### Task prompt:
Exactly the lines from the one that holds "by rewrite addr_gt0 // exprn_gt0." to the end of the data below: retype these and nothing else.
*** Opening Data extract ***
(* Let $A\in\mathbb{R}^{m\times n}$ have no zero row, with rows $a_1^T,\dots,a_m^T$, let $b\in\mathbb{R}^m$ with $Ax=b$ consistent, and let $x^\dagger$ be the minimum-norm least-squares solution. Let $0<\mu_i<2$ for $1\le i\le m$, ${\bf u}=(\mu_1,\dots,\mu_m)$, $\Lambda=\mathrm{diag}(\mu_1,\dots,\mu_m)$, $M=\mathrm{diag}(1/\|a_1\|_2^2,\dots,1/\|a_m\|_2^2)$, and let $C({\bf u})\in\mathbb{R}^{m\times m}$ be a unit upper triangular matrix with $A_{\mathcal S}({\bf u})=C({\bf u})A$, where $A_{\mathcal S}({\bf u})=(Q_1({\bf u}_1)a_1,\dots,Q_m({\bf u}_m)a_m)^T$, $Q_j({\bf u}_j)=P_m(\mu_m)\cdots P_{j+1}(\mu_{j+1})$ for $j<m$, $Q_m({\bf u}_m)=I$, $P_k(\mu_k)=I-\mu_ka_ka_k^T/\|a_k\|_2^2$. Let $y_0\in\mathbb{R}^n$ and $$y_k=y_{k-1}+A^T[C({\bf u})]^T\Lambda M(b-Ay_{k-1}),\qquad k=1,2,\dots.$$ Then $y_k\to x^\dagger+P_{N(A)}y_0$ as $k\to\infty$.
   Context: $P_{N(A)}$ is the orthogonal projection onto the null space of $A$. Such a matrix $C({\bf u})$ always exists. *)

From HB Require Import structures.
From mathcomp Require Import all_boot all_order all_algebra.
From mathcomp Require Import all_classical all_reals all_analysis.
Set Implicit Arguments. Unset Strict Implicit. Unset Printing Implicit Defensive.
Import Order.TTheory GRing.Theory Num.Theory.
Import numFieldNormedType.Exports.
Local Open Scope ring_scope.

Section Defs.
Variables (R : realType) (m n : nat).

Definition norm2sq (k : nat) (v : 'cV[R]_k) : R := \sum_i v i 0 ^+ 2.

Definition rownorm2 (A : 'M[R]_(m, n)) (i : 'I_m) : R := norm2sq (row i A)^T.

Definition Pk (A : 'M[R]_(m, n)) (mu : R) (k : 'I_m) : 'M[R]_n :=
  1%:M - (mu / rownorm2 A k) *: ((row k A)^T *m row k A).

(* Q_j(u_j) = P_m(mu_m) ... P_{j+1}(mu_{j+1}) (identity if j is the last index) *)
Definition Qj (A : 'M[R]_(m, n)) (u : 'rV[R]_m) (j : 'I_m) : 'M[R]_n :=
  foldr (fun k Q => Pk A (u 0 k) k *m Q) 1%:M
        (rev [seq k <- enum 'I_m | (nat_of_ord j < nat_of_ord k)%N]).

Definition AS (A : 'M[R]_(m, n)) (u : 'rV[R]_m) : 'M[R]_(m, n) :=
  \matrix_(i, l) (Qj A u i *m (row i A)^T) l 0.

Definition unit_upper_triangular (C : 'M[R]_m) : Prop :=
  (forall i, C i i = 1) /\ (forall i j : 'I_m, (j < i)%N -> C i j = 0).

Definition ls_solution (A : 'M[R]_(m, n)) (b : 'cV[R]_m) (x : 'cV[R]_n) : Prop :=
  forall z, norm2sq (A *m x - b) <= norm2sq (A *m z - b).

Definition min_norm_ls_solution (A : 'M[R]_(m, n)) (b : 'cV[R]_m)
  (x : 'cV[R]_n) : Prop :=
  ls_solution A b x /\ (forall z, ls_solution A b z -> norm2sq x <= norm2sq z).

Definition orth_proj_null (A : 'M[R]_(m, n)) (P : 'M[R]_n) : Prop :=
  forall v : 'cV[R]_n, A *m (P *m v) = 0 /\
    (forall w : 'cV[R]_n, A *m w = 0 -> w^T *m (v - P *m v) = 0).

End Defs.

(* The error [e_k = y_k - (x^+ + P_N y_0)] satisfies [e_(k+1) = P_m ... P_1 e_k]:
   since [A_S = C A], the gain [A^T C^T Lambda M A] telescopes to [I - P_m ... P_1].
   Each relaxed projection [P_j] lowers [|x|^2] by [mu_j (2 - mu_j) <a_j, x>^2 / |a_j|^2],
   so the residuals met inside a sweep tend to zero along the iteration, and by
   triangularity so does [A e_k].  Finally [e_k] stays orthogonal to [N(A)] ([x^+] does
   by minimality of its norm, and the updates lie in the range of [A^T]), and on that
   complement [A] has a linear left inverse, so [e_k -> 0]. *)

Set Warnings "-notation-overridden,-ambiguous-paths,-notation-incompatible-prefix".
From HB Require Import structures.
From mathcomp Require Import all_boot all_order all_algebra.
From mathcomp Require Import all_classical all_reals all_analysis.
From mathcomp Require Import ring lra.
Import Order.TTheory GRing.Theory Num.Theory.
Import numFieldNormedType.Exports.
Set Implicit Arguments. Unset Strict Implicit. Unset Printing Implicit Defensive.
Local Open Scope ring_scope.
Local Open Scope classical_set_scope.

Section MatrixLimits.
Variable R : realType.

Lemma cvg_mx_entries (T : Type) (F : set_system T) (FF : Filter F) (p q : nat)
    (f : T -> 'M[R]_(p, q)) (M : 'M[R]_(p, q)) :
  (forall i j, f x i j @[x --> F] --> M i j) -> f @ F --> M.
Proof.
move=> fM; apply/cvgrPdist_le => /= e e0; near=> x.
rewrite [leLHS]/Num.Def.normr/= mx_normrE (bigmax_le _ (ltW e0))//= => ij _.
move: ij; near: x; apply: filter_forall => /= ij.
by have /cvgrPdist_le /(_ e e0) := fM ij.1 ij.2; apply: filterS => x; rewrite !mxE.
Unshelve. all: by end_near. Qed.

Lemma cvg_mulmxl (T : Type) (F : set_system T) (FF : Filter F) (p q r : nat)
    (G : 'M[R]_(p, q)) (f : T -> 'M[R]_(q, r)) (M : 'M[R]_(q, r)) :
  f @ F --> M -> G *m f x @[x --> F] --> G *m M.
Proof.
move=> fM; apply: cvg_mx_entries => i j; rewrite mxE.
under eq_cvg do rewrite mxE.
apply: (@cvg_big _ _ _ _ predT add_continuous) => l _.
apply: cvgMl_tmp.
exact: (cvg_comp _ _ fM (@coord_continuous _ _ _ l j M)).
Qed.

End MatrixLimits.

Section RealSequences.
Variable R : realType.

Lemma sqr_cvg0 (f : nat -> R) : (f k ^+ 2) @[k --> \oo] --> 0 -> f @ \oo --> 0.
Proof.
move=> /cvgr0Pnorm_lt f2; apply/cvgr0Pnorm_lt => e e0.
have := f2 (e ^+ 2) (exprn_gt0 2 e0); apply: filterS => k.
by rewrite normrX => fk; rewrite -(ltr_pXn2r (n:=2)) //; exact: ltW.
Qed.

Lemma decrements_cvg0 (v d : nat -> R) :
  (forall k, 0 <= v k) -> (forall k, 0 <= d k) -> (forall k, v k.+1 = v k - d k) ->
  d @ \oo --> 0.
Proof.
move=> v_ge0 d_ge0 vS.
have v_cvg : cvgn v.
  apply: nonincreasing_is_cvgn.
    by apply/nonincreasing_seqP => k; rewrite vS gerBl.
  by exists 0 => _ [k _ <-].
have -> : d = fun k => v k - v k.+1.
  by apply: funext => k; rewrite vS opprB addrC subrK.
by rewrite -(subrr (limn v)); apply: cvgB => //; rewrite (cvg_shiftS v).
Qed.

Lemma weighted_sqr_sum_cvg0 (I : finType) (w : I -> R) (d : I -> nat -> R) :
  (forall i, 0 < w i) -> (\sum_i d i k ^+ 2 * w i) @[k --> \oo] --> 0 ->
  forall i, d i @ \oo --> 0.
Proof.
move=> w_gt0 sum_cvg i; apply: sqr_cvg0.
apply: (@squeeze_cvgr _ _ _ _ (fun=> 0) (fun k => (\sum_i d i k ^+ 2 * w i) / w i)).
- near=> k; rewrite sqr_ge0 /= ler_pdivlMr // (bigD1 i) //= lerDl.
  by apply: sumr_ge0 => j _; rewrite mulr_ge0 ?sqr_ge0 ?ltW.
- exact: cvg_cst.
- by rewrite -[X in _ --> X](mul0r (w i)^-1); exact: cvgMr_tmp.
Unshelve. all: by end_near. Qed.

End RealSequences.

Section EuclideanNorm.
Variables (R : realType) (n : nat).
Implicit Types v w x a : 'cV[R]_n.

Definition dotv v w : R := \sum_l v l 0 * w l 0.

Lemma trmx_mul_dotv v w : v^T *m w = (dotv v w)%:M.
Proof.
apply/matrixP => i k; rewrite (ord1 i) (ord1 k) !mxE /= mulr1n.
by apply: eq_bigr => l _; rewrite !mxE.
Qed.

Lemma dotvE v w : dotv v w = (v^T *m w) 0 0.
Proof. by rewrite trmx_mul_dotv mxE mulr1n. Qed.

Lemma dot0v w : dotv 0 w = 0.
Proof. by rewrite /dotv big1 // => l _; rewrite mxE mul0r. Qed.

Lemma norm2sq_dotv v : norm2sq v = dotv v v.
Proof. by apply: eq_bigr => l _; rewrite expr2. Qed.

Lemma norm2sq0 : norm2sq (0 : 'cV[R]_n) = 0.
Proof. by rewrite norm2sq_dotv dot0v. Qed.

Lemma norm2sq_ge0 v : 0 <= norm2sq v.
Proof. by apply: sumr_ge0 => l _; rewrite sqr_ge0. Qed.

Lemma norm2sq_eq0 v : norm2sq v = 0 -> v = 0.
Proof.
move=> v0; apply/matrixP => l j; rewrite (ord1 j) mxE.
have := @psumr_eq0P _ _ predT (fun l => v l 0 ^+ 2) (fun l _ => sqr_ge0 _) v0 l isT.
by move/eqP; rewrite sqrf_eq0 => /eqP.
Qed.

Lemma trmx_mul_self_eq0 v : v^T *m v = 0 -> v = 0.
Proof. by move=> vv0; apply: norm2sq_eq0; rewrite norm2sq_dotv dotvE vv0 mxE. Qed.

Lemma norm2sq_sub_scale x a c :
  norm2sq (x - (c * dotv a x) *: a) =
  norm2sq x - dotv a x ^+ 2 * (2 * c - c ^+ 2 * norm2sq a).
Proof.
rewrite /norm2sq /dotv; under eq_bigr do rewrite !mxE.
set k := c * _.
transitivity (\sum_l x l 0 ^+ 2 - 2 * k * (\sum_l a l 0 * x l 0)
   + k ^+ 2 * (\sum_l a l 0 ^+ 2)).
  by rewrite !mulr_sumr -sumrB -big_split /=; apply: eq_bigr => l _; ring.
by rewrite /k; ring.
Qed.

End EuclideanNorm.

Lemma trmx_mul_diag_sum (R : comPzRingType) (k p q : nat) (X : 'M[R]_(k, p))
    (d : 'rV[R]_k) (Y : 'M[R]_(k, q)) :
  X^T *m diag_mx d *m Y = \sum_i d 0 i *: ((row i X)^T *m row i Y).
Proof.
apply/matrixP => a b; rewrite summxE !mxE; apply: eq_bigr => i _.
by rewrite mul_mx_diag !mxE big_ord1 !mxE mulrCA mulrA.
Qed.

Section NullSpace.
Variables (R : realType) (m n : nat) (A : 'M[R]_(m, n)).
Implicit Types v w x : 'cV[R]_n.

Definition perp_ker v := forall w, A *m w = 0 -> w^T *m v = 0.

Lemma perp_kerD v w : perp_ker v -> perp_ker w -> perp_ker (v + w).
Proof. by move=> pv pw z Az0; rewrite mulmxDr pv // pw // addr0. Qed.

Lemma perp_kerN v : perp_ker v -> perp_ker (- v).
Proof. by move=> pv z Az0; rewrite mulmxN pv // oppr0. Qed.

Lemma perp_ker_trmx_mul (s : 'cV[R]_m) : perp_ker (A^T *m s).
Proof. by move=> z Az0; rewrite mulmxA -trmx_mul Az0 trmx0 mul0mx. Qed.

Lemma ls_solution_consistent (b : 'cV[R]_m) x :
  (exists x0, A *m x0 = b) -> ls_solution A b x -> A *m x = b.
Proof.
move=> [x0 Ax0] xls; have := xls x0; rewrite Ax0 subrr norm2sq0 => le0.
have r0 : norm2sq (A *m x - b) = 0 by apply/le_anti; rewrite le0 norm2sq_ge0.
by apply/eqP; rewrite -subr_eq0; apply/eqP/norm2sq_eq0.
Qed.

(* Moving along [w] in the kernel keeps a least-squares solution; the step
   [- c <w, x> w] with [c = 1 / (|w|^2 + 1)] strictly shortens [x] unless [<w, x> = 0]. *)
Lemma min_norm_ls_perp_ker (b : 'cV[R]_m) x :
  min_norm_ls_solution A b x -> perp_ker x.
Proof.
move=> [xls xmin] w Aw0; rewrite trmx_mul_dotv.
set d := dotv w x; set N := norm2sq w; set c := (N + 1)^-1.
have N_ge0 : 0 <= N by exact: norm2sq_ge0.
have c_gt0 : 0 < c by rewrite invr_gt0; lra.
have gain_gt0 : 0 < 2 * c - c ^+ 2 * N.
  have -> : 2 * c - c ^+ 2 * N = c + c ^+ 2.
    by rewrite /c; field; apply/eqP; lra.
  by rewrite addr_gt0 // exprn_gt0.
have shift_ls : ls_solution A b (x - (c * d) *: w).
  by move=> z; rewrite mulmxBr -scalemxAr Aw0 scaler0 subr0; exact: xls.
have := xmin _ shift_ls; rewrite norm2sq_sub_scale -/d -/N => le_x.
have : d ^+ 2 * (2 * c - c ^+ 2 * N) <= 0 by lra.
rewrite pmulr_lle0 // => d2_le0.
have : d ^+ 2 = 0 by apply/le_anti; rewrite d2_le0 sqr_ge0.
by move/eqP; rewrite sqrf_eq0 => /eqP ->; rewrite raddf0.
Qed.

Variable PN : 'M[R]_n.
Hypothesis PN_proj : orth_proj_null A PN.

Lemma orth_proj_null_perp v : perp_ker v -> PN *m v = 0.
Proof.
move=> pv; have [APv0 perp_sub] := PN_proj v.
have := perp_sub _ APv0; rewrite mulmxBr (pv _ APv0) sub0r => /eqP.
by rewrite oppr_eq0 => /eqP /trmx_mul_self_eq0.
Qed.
*** Closing Data extract ***
### Answer below:
  by rewrite addr_gt0 // exprn_gt0.
have shift_ls : ls_solution A b (x - (c * d) *: w).
  by move=> z; rewrite mulmxBr -scalemxAr Aw0 scaler0 subr0; exact: xls.
have := xmin _ shift_ls; rewrite norm2sq_sub_scale -/d -/N => le_x.
have : d ^+ 2 * (2 * c - c ^+ 2 * N) <= 0 by lra.
rewrite pmulr_lle0 // => d2_le0.
have : d ^+ 2 = 0 by apply/le_anti; rewrite d2_le0 sqr_ge0.
by move/eqP; rewrite sqrf_eq0 => /eqP ->; rewrite raddf0.
Qed.

Variable PN : 'M[R]_n.
Hypothesis PN_proj : orth_proj_null A PN.

Lemma orth_proj_null_perp v : perp_ker v -> PN *m v = 0.
Proof.
move=> pv; have [APv0 perp_sub] := PN_proj v.
have := perp_sub _ APv0; rewrite mulmxBr (pv _ APv0) sub0r => /eqP.
by rewrite oppr_eq0 => /eqP /trmx_mul_self_eq0.
Qed.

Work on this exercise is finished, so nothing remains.